Data records
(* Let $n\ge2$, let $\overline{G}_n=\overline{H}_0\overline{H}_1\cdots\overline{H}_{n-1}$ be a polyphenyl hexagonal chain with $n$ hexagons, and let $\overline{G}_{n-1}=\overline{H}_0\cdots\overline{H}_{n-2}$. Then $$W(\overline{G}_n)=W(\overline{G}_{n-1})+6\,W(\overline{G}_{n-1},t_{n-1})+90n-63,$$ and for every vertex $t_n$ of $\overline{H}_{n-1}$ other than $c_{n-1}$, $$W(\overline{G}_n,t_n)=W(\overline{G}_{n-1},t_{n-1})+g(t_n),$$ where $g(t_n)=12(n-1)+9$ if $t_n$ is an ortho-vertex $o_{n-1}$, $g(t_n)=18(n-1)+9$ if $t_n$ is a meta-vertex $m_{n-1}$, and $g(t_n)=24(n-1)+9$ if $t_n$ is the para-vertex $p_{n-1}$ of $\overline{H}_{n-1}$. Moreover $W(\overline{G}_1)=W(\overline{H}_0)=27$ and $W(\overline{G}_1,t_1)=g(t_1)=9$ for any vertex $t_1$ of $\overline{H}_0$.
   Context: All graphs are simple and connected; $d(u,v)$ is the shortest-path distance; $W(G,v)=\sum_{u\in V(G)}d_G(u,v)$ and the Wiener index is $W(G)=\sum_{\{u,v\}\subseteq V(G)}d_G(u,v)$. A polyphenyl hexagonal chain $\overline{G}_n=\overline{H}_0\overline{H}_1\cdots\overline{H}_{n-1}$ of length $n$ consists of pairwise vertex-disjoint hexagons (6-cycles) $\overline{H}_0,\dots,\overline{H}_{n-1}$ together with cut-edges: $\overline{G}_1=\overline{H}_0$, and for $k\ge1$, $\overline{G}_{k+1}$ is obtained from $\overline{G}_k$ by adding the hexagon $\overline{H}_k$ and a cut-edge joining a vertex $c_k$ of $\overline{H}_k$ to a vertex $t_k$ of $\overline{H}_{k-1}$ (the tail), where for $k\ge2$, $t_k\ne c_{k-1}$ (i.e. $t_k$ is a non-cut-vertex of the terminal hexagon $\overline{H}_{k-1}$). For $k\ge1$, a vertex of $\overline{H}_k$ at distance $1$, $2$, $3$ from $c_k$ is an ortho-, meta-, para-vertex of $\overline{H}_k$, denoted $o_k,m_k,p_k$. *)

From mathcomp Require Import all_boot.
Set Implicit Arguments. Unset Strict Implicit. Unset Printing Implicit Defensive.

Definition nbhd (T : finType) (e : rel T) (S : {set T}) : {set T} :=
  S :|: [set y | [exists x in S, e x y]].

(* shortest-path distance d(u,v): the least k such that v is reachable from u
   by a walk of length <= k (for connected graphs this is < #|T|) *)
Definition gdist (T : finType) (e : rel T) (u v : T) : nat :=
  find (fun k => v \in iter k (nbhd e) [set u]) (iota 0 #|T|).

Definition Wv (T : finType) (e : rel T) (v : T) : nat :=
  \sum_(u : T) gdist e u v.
--
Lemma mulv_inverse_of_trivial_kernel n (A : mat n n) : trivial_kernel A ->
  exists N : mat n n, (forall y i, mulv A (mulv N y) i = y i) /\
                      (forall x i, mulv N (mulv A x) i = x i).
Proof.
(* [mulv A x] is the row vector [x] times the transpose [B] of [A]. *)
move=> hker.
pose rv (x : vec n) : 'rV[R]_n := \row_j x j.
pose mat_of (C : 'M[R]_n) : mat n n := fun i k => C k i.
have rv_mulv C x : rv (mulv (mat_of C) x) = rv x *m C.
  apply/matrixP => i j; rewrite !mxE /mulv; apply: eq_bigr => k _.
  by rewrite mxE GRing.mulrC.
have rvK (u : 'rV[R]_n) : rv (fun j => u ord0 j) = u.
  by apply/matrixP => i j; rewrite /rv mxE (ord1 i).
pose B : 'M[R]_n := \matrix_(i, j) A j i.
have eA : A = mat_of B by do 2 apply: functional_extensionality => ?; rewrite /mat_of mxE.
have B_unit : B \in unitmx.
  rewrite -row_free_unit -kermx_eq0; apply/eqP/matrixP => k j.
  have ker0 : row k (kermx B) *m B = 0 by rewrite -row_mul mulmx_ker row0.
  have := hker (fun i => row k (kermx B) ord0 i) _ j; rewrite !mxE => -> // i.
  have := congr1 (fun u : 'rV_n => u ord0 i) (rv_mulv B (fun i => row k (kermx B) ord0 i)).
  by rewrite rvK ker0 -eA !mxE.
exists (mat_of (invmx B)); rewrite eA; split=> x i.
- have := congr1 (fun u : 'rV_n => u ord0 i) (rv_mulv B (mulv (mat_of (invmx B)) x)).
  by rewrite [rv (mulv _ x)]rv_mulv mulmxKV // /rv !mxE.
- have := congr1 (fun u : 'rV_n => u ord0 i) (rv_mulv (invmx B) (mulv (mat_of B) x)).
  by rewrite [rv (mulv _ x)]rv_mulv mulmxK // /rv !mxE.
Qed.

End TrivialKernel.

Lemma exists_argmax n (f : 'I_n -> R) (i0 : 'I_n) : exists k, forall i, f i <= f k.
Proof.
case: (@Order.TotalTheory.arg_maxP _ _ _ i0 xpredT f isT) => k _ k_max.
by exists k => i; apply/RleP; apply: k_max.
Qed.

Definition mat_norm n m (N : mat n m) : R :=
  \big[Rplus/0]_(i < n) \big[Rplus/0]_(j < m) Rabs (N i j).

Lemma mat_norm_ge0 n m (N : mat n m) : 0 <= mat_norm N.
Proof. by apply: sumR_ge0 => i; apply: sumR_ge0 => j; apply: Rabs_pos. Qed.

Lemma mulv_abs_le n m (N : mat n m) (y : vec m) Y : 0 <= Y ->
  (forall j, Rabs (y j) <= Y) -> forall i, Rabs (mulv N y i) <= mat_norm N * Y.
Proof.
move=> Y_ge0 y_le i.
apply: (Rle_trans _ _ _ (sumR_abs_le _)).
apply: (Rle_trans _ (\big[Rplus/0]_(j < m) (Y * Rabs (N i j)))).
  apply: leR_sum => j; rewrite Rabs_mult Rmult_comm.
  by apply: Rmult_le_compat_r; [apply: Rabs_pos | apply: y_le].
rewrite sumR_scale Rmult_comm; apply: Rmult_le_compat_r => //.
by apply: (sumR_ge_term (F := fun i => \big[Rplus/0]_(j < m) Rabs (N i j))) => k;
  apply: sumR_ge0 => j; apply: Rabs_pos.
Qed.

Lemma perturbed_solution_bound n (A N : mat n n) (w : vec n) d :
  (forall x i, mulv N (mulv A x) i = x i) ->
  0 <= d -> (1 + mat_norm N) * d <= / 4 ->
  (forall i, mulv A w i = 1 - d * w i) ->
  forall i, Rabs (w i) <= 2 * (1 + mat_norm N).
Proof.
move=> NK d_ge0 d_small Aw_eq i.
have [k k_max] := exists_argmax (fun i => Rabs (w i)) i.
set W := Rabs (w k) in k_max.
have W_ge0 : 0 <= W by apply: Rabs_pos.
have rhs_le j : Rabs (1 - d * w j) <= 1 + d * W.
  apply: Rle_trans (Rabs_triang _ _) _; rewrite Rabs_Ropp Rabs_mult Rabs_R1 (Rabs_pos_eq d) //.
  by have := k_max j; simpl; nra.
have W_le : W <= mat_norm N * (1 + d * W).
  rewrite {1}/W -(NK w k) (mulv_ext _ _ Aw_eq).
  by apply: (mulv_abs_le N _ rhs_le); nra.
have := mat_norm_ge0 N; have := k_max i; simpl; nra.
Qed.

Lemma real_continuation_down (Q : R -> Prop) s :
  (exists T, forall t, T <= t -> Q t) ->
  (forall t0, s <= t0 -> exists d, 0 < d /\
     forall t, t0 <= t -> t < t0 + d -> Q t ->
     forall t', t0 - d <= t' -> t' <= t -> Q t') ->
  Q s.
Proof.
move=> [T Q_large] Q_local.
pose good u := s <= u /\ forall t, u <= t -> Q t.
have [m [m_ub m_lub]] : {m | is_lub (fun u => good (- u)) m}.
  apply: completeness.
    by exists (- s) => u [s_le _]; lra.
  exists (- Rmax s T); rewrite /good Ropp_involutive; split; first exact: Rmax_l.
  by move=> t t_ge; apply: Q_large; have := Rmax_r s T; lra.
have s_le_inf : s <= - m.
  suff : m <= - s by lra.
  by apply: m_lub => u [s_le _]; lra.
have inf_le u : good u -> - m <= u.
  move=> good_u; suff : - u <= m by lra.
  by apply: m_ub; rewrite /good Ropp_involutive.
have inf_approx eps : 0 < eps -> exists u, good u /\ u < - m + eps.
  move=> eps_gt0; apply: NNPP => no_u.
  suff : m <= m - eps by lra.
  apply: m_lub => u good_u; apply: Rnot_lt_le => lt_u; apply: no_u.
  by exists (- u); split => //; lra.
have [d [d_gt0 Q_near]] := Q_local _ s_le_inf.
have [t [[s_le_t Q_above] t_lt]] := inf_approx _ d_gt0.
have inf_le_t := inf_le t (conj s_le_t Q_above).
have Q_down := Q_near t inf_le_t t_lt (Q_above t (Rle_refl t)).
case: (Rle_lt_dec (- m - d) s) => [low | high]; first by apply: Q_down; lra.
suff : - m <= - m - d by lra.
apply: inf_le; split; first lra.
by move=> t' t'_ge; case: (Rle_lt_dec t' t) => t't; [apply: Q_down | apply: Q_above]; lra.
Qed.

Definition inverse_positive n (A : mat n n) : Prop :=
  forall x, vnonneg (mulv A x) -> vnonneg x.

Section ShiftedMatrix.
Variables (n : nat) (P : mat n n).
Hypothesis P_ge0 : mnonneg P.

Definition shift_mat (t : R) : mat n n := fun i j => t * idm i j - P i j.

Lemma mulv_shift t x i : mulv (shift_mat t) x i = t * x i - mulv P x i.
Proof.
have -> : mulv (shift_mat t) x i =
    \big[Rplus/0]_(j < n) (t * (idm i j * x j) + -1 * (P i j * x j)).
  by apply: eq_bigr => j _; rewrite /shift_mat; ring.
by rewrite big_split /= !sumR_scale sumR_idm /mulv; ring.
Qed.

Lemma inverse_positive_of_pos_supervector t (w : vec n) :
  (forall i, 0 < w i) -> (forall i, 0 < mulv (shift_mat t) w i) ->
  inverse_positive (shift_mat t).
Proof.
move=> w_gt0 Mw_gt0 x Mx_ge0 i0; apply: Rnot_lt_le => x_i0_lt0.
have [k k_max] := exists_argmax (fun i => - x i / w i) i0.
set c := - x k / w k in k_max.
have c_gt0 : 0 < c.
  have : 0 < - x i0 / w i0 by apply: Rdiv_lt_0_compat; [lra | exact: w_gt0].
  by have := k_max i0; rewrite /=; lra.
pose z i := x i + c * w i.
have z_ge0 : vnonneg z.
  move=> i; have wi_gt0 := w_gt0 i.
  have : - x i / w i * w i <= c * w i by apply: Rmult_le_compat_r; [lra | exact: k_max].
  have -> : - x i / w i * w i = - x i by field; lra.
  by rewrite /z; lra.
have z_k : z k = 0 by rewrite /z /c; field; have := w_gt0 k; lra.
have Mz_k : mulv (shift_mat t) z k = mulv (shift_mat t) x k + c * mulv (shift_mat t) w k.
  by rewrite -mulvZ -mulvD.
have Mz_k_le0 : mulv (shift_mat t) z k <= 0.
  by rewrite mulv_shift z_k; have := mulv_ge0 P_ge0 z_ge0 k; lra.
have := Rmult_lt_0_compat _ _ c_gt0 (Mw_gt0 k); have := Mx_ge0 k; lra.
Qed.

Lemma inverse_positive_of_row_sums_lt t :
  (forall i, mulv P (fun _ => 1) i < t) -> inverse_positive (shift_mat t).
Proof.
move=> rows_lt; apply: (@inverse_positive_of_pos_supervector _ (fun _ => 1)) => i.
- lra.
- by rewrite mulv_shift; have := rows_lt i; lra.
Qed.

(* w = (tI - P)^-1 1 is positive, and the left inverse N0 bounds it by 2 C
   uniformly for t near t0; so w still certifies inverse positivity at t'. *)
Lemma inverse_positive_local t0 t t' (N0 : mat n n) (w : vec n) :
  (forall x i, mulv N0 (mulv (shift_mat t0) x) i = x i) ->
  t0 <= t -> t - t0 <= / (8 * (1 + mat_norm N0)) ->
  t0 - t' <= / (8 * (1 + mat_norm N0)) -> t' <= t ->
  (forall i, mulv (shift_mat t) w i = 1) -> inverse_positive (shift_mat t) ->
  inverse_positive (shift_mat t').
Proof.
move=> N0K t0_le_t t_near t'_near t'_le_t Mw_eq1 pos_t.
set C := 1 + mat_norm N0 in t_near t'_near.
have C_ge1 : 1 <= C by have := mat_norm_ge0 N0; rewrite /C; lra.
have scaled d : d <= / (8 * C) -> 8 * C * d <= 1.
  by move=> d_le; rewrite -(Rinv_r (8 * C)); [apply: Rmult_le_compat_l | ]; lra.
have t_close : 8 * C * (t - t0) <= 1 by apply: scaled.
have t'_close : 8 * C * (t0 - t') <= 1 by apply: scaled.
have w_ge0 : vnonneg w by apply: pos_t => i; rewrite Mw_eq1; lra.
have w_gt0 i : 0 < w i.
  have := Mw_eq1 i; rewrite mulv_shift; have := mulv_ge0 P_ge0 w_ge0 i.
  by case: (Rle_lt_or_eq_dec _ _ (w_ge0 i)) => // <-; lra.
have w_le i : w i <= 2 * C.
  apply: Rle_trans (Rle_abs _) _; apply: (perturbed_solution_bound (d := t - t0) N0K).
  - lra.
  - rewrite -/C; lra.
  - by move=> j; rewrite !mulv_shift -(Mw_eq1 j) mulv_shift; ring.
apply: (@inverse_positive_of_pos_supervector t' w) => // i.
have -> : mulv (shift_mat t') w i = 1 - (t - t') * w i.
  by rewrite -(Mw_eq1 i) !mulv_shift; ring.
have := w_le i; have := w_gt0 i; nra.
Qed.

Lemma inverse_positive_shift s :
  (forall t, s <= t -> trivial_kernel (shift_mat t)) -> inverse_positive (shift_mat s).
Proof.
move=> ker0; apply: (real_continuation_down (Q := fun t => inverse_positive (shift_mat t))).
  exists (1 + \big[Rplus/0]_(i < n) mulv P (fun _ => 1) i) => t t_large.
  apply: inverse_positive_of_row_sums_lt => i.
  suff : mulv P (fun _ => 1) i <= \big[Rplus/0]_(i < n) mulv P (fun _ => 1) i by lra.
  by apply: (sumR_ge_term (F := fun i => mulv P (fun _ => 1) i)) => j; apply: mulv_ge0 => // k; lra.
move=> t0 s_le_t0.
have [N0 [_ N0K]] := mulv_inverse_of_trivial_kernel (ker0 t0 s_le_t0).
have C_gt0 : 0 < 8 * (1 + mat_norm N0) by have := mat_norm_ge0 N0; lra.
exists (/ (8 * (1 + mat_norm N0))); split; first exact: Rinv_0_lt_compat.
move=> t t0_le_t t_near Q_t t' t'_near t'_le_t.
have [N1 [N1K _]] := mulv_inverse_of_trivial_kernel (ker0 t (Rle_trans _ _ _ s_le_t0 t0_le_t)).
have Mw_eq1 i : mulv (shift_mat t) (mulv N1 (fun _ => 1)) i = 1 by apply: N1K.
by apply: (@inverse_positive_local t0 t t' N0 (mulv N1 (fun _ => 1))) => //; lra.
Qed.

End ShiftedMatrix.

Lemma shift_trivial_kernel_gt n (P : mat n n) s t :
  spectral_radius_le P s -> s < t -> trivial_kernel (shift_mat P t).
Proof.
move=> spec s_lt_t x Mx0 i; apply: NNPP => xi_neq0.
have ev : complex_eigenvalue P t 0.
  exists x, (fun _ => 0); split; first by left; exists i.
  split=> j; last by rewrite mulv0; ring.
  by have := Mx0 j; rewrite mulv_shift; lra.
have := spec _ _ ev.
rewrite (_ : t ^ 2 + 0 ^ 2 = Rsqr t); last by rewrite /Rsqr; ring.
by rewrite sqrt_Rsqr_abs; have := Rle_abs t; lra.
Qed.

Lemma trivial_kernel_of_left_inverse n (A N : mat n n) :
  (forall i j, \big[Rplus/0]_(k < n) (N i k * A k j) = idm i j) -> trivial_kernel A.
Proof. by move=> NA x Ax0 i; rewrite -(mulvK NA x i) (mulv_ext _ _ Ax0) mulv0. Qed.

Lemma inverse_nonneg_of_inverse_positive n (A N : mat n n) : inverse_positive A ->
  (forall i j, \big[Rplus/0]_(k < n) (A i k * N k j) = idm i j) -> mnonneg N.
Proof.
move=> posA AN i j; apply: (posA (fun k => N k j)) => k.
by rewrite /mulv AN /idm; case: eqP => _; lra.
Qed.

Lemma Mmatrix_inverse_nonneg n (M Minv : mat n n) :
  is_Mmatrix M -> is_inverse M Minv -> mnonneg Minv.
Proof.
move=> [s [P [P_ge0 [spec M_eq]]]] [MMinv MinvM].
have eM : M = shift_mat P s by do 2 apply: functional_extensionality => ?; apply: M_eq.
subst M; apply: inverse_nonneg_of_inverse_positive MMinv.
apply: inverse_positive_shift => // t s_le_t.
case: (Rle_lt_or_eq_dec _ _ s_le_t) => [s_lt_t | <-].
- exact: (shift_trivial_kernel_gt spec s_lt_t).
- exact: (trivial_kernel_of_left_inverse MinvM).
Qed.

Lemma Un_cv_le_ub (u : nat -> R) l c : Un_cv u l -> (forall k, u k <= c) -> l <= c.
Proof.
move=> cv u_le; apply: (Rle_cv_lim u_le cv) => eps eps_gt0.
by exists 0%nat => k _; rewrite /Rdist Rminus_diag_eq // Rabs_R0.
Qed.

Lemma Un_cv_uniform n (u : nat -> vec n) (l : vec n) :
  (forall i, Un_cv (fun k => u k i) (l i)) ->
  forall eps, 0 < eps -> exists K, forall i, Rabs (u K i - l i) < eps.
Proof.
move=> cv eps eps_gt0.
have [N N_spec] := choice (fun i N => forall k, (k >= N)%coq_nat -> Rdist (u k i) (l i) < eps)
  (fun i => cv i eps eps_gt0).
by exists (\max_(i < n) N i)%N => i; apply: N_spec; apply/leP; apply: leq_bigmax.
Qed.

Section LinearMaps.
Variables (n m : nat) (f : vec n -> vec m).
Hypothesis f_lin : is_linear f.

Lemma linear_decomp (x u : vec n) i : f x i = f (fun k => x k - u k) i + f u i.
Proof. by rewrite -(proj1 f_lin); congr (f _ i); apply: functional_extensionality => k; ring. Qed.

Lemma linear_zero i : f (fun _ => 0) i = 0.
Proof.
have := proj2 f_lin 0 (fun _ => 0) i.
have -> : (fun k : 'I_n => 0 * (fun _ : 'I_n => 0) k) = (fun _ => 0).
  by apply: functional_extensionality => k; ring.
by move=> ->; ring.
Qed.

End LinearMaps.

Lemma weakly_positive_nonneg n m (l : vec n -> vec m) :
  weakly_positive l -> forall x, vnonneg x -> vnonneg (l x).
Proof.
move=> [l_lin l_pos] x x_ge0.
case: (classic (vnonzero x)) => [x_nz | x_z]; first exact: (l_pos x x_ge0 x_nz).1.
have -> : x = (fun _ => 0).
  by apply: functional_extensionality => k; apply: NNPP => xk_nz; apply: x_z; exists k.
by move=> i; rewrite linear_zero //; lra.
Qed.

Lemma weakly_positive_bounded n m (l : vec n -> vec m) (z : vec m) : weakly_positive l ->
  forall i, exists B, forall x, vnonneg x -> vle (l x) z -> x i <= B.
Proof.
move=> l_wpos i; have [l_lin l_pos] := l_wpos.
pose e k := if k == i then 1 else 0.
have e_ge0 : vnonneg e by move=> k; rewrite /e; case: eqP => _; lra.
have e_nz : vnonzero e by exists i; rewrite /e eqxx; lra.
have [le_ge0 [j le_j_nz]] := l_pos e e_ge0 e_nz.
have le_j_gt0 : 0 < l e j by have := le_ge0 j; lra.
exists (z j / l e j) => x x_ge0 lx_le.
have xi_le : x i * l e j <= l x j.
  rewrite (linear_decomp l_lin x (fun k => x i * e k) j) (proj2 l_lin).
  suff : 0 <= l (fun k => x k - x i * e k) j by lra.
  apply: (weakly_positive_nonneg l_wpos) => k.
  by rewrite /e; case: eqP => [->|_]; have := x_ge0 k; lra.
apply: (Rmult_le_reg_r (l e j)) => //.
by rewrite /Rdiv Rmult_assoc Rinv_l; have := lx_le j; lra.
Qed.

PROBLEM TO SOLVE:
Transcribe each line of the data above, unaltered, from the one where "have W_ge0 : 0 <= W by apply: Rabs_pos." appears to the one where "move=> good_u; suff : - u <= m by lra." appears, inclusive of both.

SOLUTION TO THIS TASK:
have W_ge0 : 0 <= W by apply: Rabs_pos.
have rhs_le j : Rabs (1 - d * w j) <= 1 + d * W.
  apply: Rle_trans (Rabs_triang _ _) _; rewrite Rabs_Ropp Rabs_mult Rabs_R1 (Rabs_pos_eq d) //.
  by have := k_max j; simpl; nra.
have W_le : W <= mat_norm N * (1 + d * W).
  rewrite {1}/W -(NK w k) (mulv_ext _ _ Aw_eq).
  by apply: (mulv_abs_le N _ rhs_le); nra.
have := mat_norm_ge0 N; have := k_max i; simpl; nra.
Qed.

Lemma real_continuation_down (Q : R -> Prop) s :
  (exists T, forall t, T <= t -> Q t) ->
  (forall t0, s <= t0 -> exists d, 0 < d /\
     forall t, t0 <= t -> t < t0 + d -> Q t ->
     forall t', t0 - d <= t' -> t' <= t -> Q t') ->
  Q s.
Proof.
move=> [T Q_large] Q_local.
pose good u := s <= u /\ forall t, u <= t -> Q t.
have [m [m_ub m_lub]] : {m | is_lub (fun u => good (- u)) m}.
  apply: completeness.
    by exists (- s) => u [s_le _]; lra.
  exists (- Rmax s T); rewrite /good Ropp_involutive; split; first exact: Rmax_l.
  by move=> t t_ge; apply: Q_large; have := Rmax_r s T; lra.
have s_le_inf : s <= - m.
  suff : m <= - s by lra.
  by apply: m_lub => u [s_le _]; lra.
have inf_le u : good u -> - m <= u.
  move=> good_u; suff : - u <= m by lra.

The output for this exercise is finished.